# What's the best type of grazing grass?



## PaintHorseMares (Apr 19, 2008)

What part of the country are you in? (I'm assuming South, perhaps TX, since you mentioned St. Augustine).


----------



## RunningFree27 (Dec 14, 2009)

*Florida*

Florida-- also, can horses eat dollar weed?


----------



## PaintHorseMares (Apr 19, 2008)

RunningFree27 said:


> Florida-- also, can horses eat dollar weed?


In Florida, I believe one of the Bermuda grass varieties is most commonly used for grazing.
As for dollar weed, I don't see it on the harmful plant list, but I don't know if they'll eat it.


----------



## RunningFree27 (Dec 14, 2009)

*Thanks!*

Ok, thanks so much!


----------



## PaintHorseMares (Apr 19, 2008)

RunningFree27 said:


> Ok, thanks so much!


Check out this link, too. It appears to have good info on Florida grasses for horse grazing.

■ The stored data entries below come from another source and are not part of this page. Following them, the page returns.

Lemma decreasing_replace_tail : forall P x l l', strictly_decreasing (P ++ x :: l) ->
  strictly_decreasing (x :: l') -> strictly_decreasing (P ++ x :: l').
Proof.
  induction P as [|y P IH]; simpl; auto. intros x l l' H1 H2.
  destruct P as [|z P]; simpl in *.
  - destruct H1; split; auto.
  - destruct H1 as [Hzy Hrest]. split; [exact Hzy | eapply IH; eauto].
Qed.

(** * Joint normal forms

   A natural-sum witness is a list of triples [(xi, m, n)]; it encodes the
   left summand [sum w^xi m], the right summand [sum w^xi n] and their
   natural sum [sum w^xi (m + n)]. *)

Definition exps (L : list (Ord * nat * nat)) : list Ord := map (fun t => fst (fst t)) L.
Definition left_terms (L : list (Ord * nat * nat)) : list (Ord * nat) :=
  map (fun t => (fst (fst t), snd (fst t))) L.
Definition right_terms (L : list (Ord * nat * nat)) : list (Ord * nat) :=
  map (fun t => (fst (fst t), snd t)) L.
Definition sum_terms (L : list (Ord * nat * nat)) : list (Ord * nat) :=
  map (fun t => (fst (fst t), (snd (fst t) + snd t)%nat)) L.

Definition clear_left (L : list (Ord * nat * nat)) : list (Ord * nat * nat) :=
  map (fun t => (fst (fst t), 0%nat, snd t)) L.
Definition swap_sides (L : list (Ord * nat * nat)) : list (Ord * nat * nat) :=
  map (fun t => (fst (fst t), snd t, snd (fst t))) L.

Lemma exps_clear_left : forall L, exps (clear_left L) = exps L.
Proof. induction L; simpl; f_equal; auto. Qed.
Lemma right_terms_clear_left : forall L, right_terms (clear_left L) = right_terms L.
Proof. induction L; simpl; f_equal; auto. Qed.
Lemma exps_swap : forall L, exps (swap_sides L) = exps L.
Proof. induction L; simpl; f_equal; auto. Qed.
Lemma left_terms_swap : forall L, left_terms (swap_sides L) = right_terms L.
Proof. induction L; simpl; f_equal; auto. Qed.
Lemma right_terms_swap : forall L, right_terms (swap_sides L) = left_terms L.
Proof. induction L; simpl; f_equal; auto. Qed.
Lemma sum_terms_swap : forall L, sum_terms (swap_sides L) = sum_terms L.
Proof. induction L; simpl; f_equal; auto. f_equal. lia. Qed.

Lemma locate_below_left : forall L acc b, olt b (cnf_aux acc (left_terms L)) ->
  olt b acc \/
  exists P xi m n T, L = P ++ (xi, S m, n) :: T /\
    olt b (oadd (cnf_aux acc (left_terms P)) (omul_nat (oexpw xi) (S m))).
Proof.
  induction L as [|t T IH]; unfold left_terms in *; simpl; intros acc b H; [left; auto|].
  destruct t as [[xi c] n]. simpl in H.
  destruct (IH _ _ H) as [H1 | [P [xi' [m [n' [T' [EL H2]]]]]]].
  - destruct c as [|m].
    + left. eapply olt_ole_trans; [exact H1 | apply oadd_zero].
    + right. exists nil, xi, m, n, T. split; [reflexivity | exact H1].
  - right. exists ((xi, c, n) :: P), xi', m, n', T'.
    split; [rewrite EL; reflexivity | exact H2].
Qed.

Lemma insert_left_term : forall T xi eta p,
  strictly_decreasing (xi :: exps T) -> olt eta xi ->
  exists T', strictly_decreasing (xi :: exps T') /\
    (forall acc, ole (oadd acc (omul_nat (oexpw eta) p)) (cnf_aux acc (left_terms T'))) /\
    (forall acc, ole (cnf_aux acc (right_terms T)) (cnf_aux acc (right_terms T'))).
Proof.
  intros [|[[zeta c] n'] T2] xi eta p HT He.
  - exists ((eta, p, 0%nat) :: nil). simpl. split; [split; auto | split].
    + intros; apply ole_refl.
    + intros acc; exact (oadd_infl acc ozero).
  - destruct (ole_or_gt eta zeta) as [H|H].
    + exists ((zeta, p, n') :: clear_left T2). split; [|split].
      * simpl. rewrite exps_clear_left. exact HT.
      * intros acc. simpl. eapply ole_trans; [| apply cnf_infl].
        apply oadd_mono_r, omul_mono_a, oexpw_mono, H.
      * intros acc. simpl. rewrite right_terms_clear_left. apply ole_refl.
    + exists ((eta, p, 0%nat) :: clear_left ((zeta, c, n') :: T2)). split; [|split].
      * change (strictly_decreasing (xi :: eta :: exps (clear_left ((zeta, c, n') :: T2)))).
        rewrite exps_clear_left. simpl in *. tauto.
      * intros acc.
        exact (cnf_infl (left_terms (clear_left ((zeta, c, n') :: T2)))
                        (oadd acc (omul_nat (oexpw eta) p))).
      * intros acc.
        change (ole (cnf_aux acc (right_terms ((zeta, c, n') :: T2)))
          (cnf_aux (oadd acc (omul_nat (oexpw eta) 0))
                   (right_terms (clear_left ((zeta, c, n') :: T2))))).
        rewrite right_terms_clear_left. apply cnf_mono_acc, oadd_infl.
Qed.

Lemma reshape_tail : forall T xi acc b,
  strictly_decreasing (xi :: exps T) -> olt b (oadd acc (oexpw xi)) ->
  exists T', strictly_decreasing (xi :: exps T') /\
    ole b (cnf_aux acc (left_terms T')) /\
    (forall acc', ole (cnf_aux acc' (right_terms T)) (cnf_aux acc' (right_terms T'))).
Proof.
  intros T xi acc b HT Hb.
  destruct (olt_oadd_oexpw_cases _ _ _ Hb) as [Hle | [eta [k [He Hk]]]].
  - exists (clear_left T). rewrite exps_clear_left, right_terms_clear_left.
    split; [exact HT | split].
    + eapply ole_trans; [exact Hle | apply cnf_infl].
    + intros; apply ole_refl.
  - destruct (insert_left_term T xi eta k HT He) as [T' [HT' [Hleft Hright]]].
    exists T'. split; [exact HT' | split; [| exact Hright]].
    eapply ole_trans; [exact Hk | apply Hleft].
Qed.

Lemma descend_left : forall L b, strictly_decreasing (exps L) ->
  olt b (cnf (left_terms L)) ->
  exists L', strictly_decreasing (exps L') /\ ole b (cnf (left_terms L')) /\
    ole (cnf (right_terms L)) (cnf (right_terms L')) /\
    olt (cnf (sum_terms L')) (cnf (sum_terms L)).
Proof.
  intros L b HL Hb. unfold cnf in Hb.
  destruct (locate_below_left L ozero b Hb) as [Hzero | [P [xi [m [n [T [EL Hb']]]]]]].
  { exfalso. destruct Hzero as [[] _]. }
  subst L. set (S0 := cnf_aux ozero (left_terms P)) in *.
  assert (Hb'' : olt b (oadd (oadd S0 (omul_nat (oexpw xi) m)) (oexpw xi))).
  { eapply olt_ole_trans; [exact Hb' | apply (proj2 (oadd_assoc _ _ _))]. }
  assert (HT : strictly_decreasing (xi :: exps T)).
  { unfold exps in HL. rewrite map_app in HL. exact (decreasing_suffix _ _ HL). }
  destruct (reshape_tail T xi _ b HT Hb'') as [T' [HT' [Hleft Hright]]].
  exists (P ++ (xi, m, n) :: T'). unfold cnf, exps, left_terms, right_terms, sum_terms in *.
  rewrite !map_app, !cnf_app. cbn [map cnf_aux fst snd].
  split; [| split; [| split]].
  - rewrite map_app in HL.
    exact (decreasing_replace_tail _ _ (map (fun t => fst (fst t)) T) _ HL HT').
  - exact Hleft.
  - apply Hright.
  - apply (cnf_lex _ xi (m + n) (S m + n)); [lia |].
    intros t Ht. apply in_map_iff in Ht as [u [<- Hu]]. simpl.
    apply (decreasing_head_gt _ _ HT').
    apply in_map with (f := fun t => fst (fst t)). exact Hu.
Qed.

Lemma descend_right : forall L b, strictly_decreasing (exps L) ->
  olt b (cnf (right_terms L)) ->
  exists L', strictly_decreasing (exps L') /\
    ole (cnf (left_terms L)) (cnf (left_terms L')) /\ ole b (cnf (right_terms L')) /\
    olt (cnf (sum_terms L')) (cnf (sum_terms L)).
Proof.
  intros L b HL Hb. rewrite <- exps_swap in HL. rewrite <- left_terms_swap in Hb.
  destruct (descend_left _ _ HL Hb) as [L' [H1 [H2 [H3 H4]]]].
  exists (swap_sides L').
  rewrite exps_swap, left_terms_swap, right_terms_swap, sum_terms_swap.
  rewrite right_terms_swap, !sum_terms_swap in *. auto.
Qed.

(** * The recursive natural sum

   [hsum a b] is the least ordinal strictly above every [hsum a' b] with
   [a' < a] and every [hsum a b'] with [b' < b]. *)

Fixpoint hsum (a : Ord) : Ord -> Ord :=
  match a with
  | osup A f => fix hsum_a (b : Ord) : Ord :=
      match b with
      | osup B g => osup (A + B) (fun s => match s with
                                        | inl x => hsum (f x) b
                                        | inr y => hsum_a (g y) end)
      end
  end.

Lemma hsum_unfold : forall A f B g, hsum (osup A f) (osup B g) =
  osup (A + B) (fun s => match s with
                         | inl x => hsum (f x) (osup B g)
                         | inr y => hsum (osup A f) (g y) end).
Proof. reflexivity. Qed.

Lemma hsum_le_cnf_sum : forall nu mu L, strictly_decreasing (exps L) ->
  ole nu (cnf (left_terms L)) -> ole mu (cnf (right_terms L)) ->
  ole (hsum nu mu) (cnf (sum_terms L)).
Proof.
  induction nu as [A f IHf]. intros mu. induction mu as [B g IHg]. intros L HL Hnu Hmu.
  rewrite hsum_unfold. apply osup_ole. intros [x|y].
  - assert (Hx : olt (f x) (cnf (left_terms L))).
    { eapply olt_ole_trans; [apply olt_child | exact Hnu]. }
    destruct (descend_left L _ HL Hx) as [L' [H1 [H2 [H3 H4]]]].
    eapply ole_olt_trans; [| exact H4]. apply IHf; auto. eapply ole_trans; eauto.
  - assert (Hy : olt (g y) (cnf (right_terms L))).
    { eapply olt_ole_trans; [apply olt_child | exact Hmu]. }
    destruct (descend_right L _ HL Hy) as [L' [H1 [H2 [H3 H4]]]].
    eapply ole_olt_trans; [| exact H4]. apply IHg; auto. eapply ole_trans; eauto.
Qed.

Lemma hsum_le_natural_sum : forall nu mu rho, natural_sum nu mu rho -> ole (hsum nu mu) rho.
Proof.
  intros nu mu rho [L [HL [Hnu [Hmu Hrho]]]].
  eapply ole_trans; [| exact (proj2 Hrho)].
  apply hsum_le_cnf_sum; [exact HL | exact (proj1 Hnu) | exact (proj1 Hmu)].
Qed.

(** * Optimal derivation sequences *)

Section OptimalDerivation.

Variables (X : Type) (d : X -> X -> R).

Lemma is_open_inter : forall U V, is_open d U -> is_open d V ->
  is_open d (fun y => U y /\ V y).
Proof.
  intros U V HU HV x [Ux Vx].
  destruct (HU x Ux) as [e1 [e1p H1]]. destruct (HV x Vx) as [e2 [e2p H2]].
  exists (Rmin e1 e2). split; [apply Rmin_pos; auto |].
  intros y Hy. split.
  - apply H1. eapply Rlt_le_trans; [exact Hy | apply Rmin_l].
  - apply H2. eapply Rlt_le_trans; [exact Hy | apply Rmin_r].
Qed.

Lemma meet_family_inter : forall (CC DD : (X -> Prop) -> Prop) C D, CC C -> DD D ->
  meet_family CC DD (fun y => C y /\ D y).
Proof. intros CC DD C D HC HD. exists C, D. split; [exact HC | split; [exact HD | intro; tauto]]. Qed.

Lemma deriv_step_mono : forall CC (P P' : X -> Prop), (forall y, P y -> P' y) ->
  forall x, deriv_step d CC P x -> deriv_step d CC P' x.
Proof.
  intros CC P P' H x [Px Hn]. split; auto.
  intros [U [HU [Ux [C [HC HUC]]]]]. apply Hn. exists U. repeat split; auto.
  exists C. auto.
Qed.

Lemma deriv_step_removed : forall CC (P U C : X -> Prop) x, is_open d U -> U x -> CC C ->
  (forall y, P y -> U y -> C y) -> ~ deriv_step d CC P x.
Proof. intros CC P U C x HU Ux HC HUC [_ Hn]. apply Hn. exists U. eauto. Qed.

Lemma removal_witness : forall CC (P : X -> Prop) x, P x -> ~ deriv_step d CC P x ->
  exists U, is_open d U /\ U x /\ exists C, CC C /\ forall y, P y -> U y -> C y.
Proof. intros CC P x Px Hn. apply NNPP. intro H. apply Hn. split; auto. Qed.

Lemma opt_deriv_antitone : forall CC a b, ole a b ->
  forall x, opt_deriv d CC b x -> opt_deriv d CC a x.
Proof.
  intros CC. induction a as [A f IH]; intros [B g] H x Hx; simpl in *. intros a'.
  destruct (H a') as [y Hy]. apply deriv_step_mono with (opt_deriv d CC (g y)); auto.
  intros z; apply IH; auto.
Qed.

Lemma opt_deriv_lt_step : forall CC a b x, olt a b ->
  opt_deriv d CC b x -> deriv_step d CC (opt_deriv d CC a) x.
Proof.
  intros CC a [B g] x [y Hy] Hx. simpl in Hx.
  apply deriv_step_mono with (opt_deriv d CC (g y)); auto.
  intros z; apply opt_deriv_antitone; auto.
Qed.

Lemma opt_deriv_misses_witness : forall CC a b (U C : X -> Prop) y, olt a b ->
  is_open d U -> CC C -> (forall z, opt_deriv d CC a z -> U z -> C z) ->
  opt_deriv d CC b y -> ~ U y.
Proof.
  intros CC a b U C y Hab HU HC HUC Hy Uy.
  exact (deriv_step_removed CC _ U C y HU Uy HC HUC (opt_deriv_lt_step CC a b y Hab Hy)).
Qed.

(* The theorem for the recursive natural sum, by induction on [nu] and [mu]:
   if [x] left [P_C] at stage [f a] via [U] and [P_D] at stage [g b] via [V],
   then by induction the larger of the two predecessor stages of [Q] lies,
   inside [U ∩ V], in [C ∩ D], so [x] already left [Q] there. *)
Lemma opt_deriv_hsum_split : forall CC DD nu mu x,
  opt_deriv d (meet_family CC DD) (hsum nu mu) x ->
  opt_deriv d CC nu x \/ opt_deriv d DD mu x.
Proof.
  intros CC DD. set (Q := opt_deriv d (meet_family CC DD)).
  induction nu as [A f IHf]; intros mu; induction mu as [B g IHg]; intros x Hx.
  rewrite hsum_unfold in Hx. simpl in Hx.
  apply NNPP. intros Hn. apply not_or_and in Hn as [HnC HnD].
  assert (HnC' := HnC). assert (HnD' := HnD). simpl in HnC', HnD'.
  apply not_all_ex_not in HnC' as [a Ha]. apply not_all_ex_not in HnD' as [b Hb].
  assert (Pa : opt_deriv d CC (f a) x).
  { destruct (IHf a (osup B g) x (proj1 (Hx (inl a)))); tauto. }
  assert (Pb : opt_deriv d DD (g b) x).
  { destruct (IHg b x (proj1 (Hx (inr b)))); tauto. }
  destruct (removal_witness CC _ x Pa Ha) as [U [HU [Ux [C [HC HUC]]]]].
  destruct (removal_witness DD _ x Pb Hb) as [V [HV [Vx [D [HD HVD]]]]].
  set (al := hsum (f a) (osup B g)). set (be := hsum (osup A f) (g b)).
  assert (Hinside : forall y, Q al y -> Q be y -> U y -> V y -> C y /\ D y).
  { intros y Qa Qb Uy Vy. split.
    - destruct (IHf a (osup B g) y Qa) as [Y|Y]; [now apply HUC |].
      exfalso. exact (opt_deriv_misses_witness DD _ _ V D y (olt_child _ g b) HV HD HVD Y Vy).
    - destruct (IHg b y Qb) as [Y|Y]; [| now apply HVD].
      exfalso. exact (opt_deriv_misses_witness CC _ _ U C y (olt_child _ f a) HU HC HUC Y Uy). }
  assert (Hremoved : forall r, ole al r -> ole be r -> ~ deriv_step d (meet_family CC DD) (Q r) x).
  { intros r Hal Hbe.
    apply (deriv_step_removed _ _ (fun y => U y /\ V y) (fun y => C y /\ D y));
      [apply is_open_inter; auto | auto | apply meet_family_inter; auto |].
    intros y Qy [Uy Vy].
    apply Hinside; auto; eapply opt_deriv_antitone; eauto. }
  destruct (ole_total al be) as [T|T].
  - exact (Hremoved be T (ole_refl _) (Hx (inr b))).
  - exact (Hremoved al (ole_refl _) T (Hx (inl a))).
Qed.

End OptimalDerivation.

Horse Pasture Management - Hancock Farm and Seed Company


----------



## justsambam08 (Sep 26, 2009)

If you head out to your local TSC, they have a mix in their yard/gardening section called "horse grass" or something like that. I have no idea what kind of mix it is, but we use it in our front pastures and front lawn, so the horses can be hand grazed.


----------



## kitten_Val (Apr 25, 2007)

I'd think Bermuda - I believe that's what is in southern states. We have orchard, timothy, clover, rye, kentucky blue here, but FL is much warmer.


----------



## draftrider (Mar 31, 2010)

Our pasture is mostly native prairie grasses. I know there is some clover, some alfalfa, but for the most part its buffalo grass.


----------